In conclusion, Dr Chawla highlighted the importance of quality risk management (QRM) and made some critical observations on WHO inspections. He noted that manufacturers should control the bioburden during purification, carefully store purification equipment, use disposable accessories wherever possible, monitor clean room parameters, replace aseptic processes with sterile filtration and improve the purification process based on historical data.

Harvest process in commercial biologicals manufacturing

Dr Yusdy Pan, Principal Scientist for Process Development for Amgen Singapore, outlined the harvest process for biological drugs, including new harvest technologies for high density cell culture.

Dr Pan outlined the differences between mammalian and microbial cell expression systems, see Figure 3.

Figure 3

He also noted that mammalian cell expression systems offer a simple antibody recovery system, which is what is harvested. The conventional harvest process for mammalian cell culture involves a combination of centrifugation and filtration and is suitable for a cell density of a maximum of 10 million cells per mL, see Figure 4.

Figure 4

To meet the industrial demand for new high-density cell culture techniques, which can involve culturing over 10 million cells and a solid content of over 15%, alternative technologies are needed. The conventional platform process is unsuitable for this due to limited centrifuge bowl capacity and depth filter surface area. Alternative technologies include:

How to build an effective pharmaceutical quality system

Mr Vimal Sachdeva, Senior Inspector in the WHO Prequalification Team, explained the WHO Prequalification of Medicines Programme.

He introduced the quality management system (QMS) as important to facilitate innovation and continual improvement and to strengthen the link between pharmaceutical development and manufacturing activities. He said a streamlined structure enables compliance and operational efficiency and the flexibility to incorporate different modalities.

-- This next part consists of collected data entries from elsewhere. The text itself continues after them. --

(* Let $N$ be a positive integer, $L>0$, and $\zeta=(\zeta_0,\dots,\zeta_{N+2})\in\mathbb{R}^{N+3}$ with $\zeta_0>\zeta_1>\dots>\zeta_{N+1}>\zeta_{N+2}=0$. Let $W^\zeta$ and $w^\zeta$ be as defined in the context. Let $\bar y=(\bar y_0,\dots,\bar y_N)\in\mathbb{R}^{N+1}$. If $\bar y_k\geq 0$ for some $k\in\{0,\dots,N\}$, then the minimization problem defining $W^\zeta(\bar y)$ has an optimal solution $(\nu^*,\alpha^* )$ in which $\alpha^*$ has the form \[ \alpha^*=(\underbrace{0,\dots,0}_{m},\alpha^*_m,1-\alpha^*_m,\underbrace{0,\dots,0}_{N-m}) \] for some $m\in\{0,\dots,N\}$, and in addition $\alpha^*_{k+1}=\dots=\alpha^*_{N+1}=0$.
   Context: Let $e_0,\dots,e_N$ denote the standard unit vectors of $\mathbb{R}^{N+1}$ (zero-based indexing). Define for $i=0,\dots,N+1$: $x_i=-\sum_{j=0}^{i-1}\frac{\zeta_j-\zeta_{i+1}}{\sqrt{\zeta_j-\zeta_{j+1}}}e_j\in\mathbb{R}^{N+1}$; $g_i=L\sqrt{\zeta_i-\zeta_{i+1}}\,e_i$ for $i=0,\dots,N$ and $g_{N+1}=0$; $f_i=\frac L2(\zeta_i+\zeta_{i+1})$ for $i=0,\dots,N$ and $f_{N+1}=0$. For $y\in\mathbb{R}^{N+1}$, $\nu\in\mathbb{R}^{N+1}$, $\alpha=(\alpha_0,\dots,\alpha_{N+1})\in\mathbb{R}^{N+2}$ let $w^\zeta(y,\nu,\alpha)=\frac L2\|y+\nu-\sum_{i=0}^{N+1}\alpha_i(x_i-\frac1Lg_i)\|^2+\sum_{i=0}^{N+1}\alpha_i(f_i-\frac1{2L}\|g_i\|^2)$, and $W^\zeta(y)=\min\{w^\zeta(y,\nu,\alpha):\nu\in\mathbb{R}^{N+1}_+,\ \alpha\in\Delta_{N+2}\}$, where $\mathbb{R}^{N+1}_+$ is the nonnegative orthant and $\Delta_{N+2}=\{\alpha\in\mathbb{R}^{N+2}:\alpha_i\geq0,\ \sum_i\alpha_i=1\}$. An optimal solution of $W^\zeta(y)$ is a minimizing pair $(\nu,\alpha)$. *)

From mathcomp Require Import all_boot all_order all_algebra.
From mathcomp Require Import reals.
Unset Printing Implicit Defensive.
Import Order.TTheory GRing.Theory Num.Theory.
Local Open Scope ring_scope.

With regards to this, WHO states that all biological products must be manufactured in accordance with pharmaceutical quality system (PQS) requirements, as defined in WHO GMP. QRM principles must also be used to develop control strategy across all stages of the manufacturing process, which should involve ongoing trend analysis and periodic review, starting material control and change control. It is also important to design monitoring systems and a control strategy to manage any identified risks. The International Council for Harmonization (ICH) Q10 pharmaceutical quality system aims to promote a move away from discrete GMP compliance procedures to a comprehensive quality systems approach, across the whole lifecycle of the product.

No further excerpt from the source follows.